Lemma margin_zero_spec (S : list pt) (g : pt -> pt) :
  margin S g = 0 ->
  weakly_preserves S g /\
  exists a b c, In a S /\ In b S /\ In c S /\ a <> b /\ b <> c /\ a <> c /\
    orient (g a) (g b) (g c) * orient a b c = 0.
Proof.
  intros M0. split.
  - intros p q r Hp Hq Hr pq qr pr. rewrite <- M0. apply margin_le; auto.
  - destruct (margin_attained S g) as [E|[a [b [c H]]]]; [lra|].
    exists a, b, c. rewrite <- M0. intuition.
Qed.

Definition comb (x z : pt) (l : R) : pt :=
  ((1 - l) * fst x + l * fst z, (1 - l) * snd x + l * snd z).

Lemma collinear_param (x y z : pt) :
  x <> z -> orient x y z = 0 -> exists mu, y = comb x z mu.
Proof.
  destruct x as [x1 x2], y as [y1 y2], z as [z1 z2]; unfold orient, comb; simpl.
  intros Hxz Ho.
  destruct (Req_dec_T z1 x1) as [e|n].
  - assert (z2 <> x2) by (intro; apply Hxz; subst; reflexivity).
    subst z1. exists ((y2 - x2) / (z2 - x2)).
    assert (Hy1 : (y1 - x1) * (z2 - x2) = 0) by lra.
    apply Rmult_integral in Hy1 as [Hy1|Hy1]; [|lra].
    f_equal; [lra|field; lra].
  - exists ((y1 - x1) / (z1 - x1)). f_equal; [field; lra|].
    apply Rmult_eq_reg_l with (z1 - x1); [|lra].
    replace ((z1 - x1) * ((1 - (y1 - x1) / (z1 - x1)) * x2 + (y1 - x1) / (z1 - x1) * z2))
      with ((z1 - x1) * x2 + (y1 - x1) * (z2 - x2)) by (field; lra).
    lra.
Qed.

* * * * * * *

Exactly reproduce every record.

Lemma margin_zero_spec (S : list pt) (g : pt -> pt) :
  margin S g = 0 ->
  weakly_preserves S g /\
  exists a b c, In a S /\ In b S /\ In c S /\ a <> b /\ b <> c /\ a <> c /\
    orient (g a) (g b) (g c) * orient a b c = 0.
Proof.
  intros M0. split.
  - intros p q r Hp Hq Hr pq qr pr. rewrite <- M0. apply margin_le; auto.
  - destruct (margin_attained S g) as [E|[a [b [c H]]]]; [lra|].
    exists a, b, c. rewrite <- M0. intuition.
Qed.

Definition comb (x z : pt) (l : R) : pt :=
  ((1 - l) * fst x + l * fst z, (1 - l) * snd x + l * snd z).

Lemma collinear_param (x y z : pt) :
  x <> z -> orient x y z = 0 -> exists mu, y = comb x z mu.
Proof.
  destruct x as [x1 x2], y as [y1 y2], z as [z1 z2]; unfold orient, comb; simpl.
  intros Hxz Ho.
  destruct (Req_dec_T z1 x1) as [e|n].
  - assert (z2 <> x2) by (intro; apply Hxz; subst; reflexivity).
    subst z1. exists ((y2 - x2) / (z2 - x2)).
    assert (Hy1 : (y1 - x1) * (z2 - x2) = 0) by lra.
    apply Rmult_integral in Hy1 as [Hy1|Hy1]; [|lra].
    f_equal; [lra|field; lra].
  - exists ((y1 - x1) / (z1 - x1)). f_equal; [field; lra|].
    apply Rmult_eq_reg_l with (z1 - x1); [|lra].
    replace ((z1 - x1) * ((1 - (y1 - x1) / (z1 - x1)) * x2 + (y1 - x1) / (z1 - x1) * z2))
      with ((z1 - x1) * x2 + (y1 - x1) * (z2 - x2)) by (field; lra).
    lra.
Qed.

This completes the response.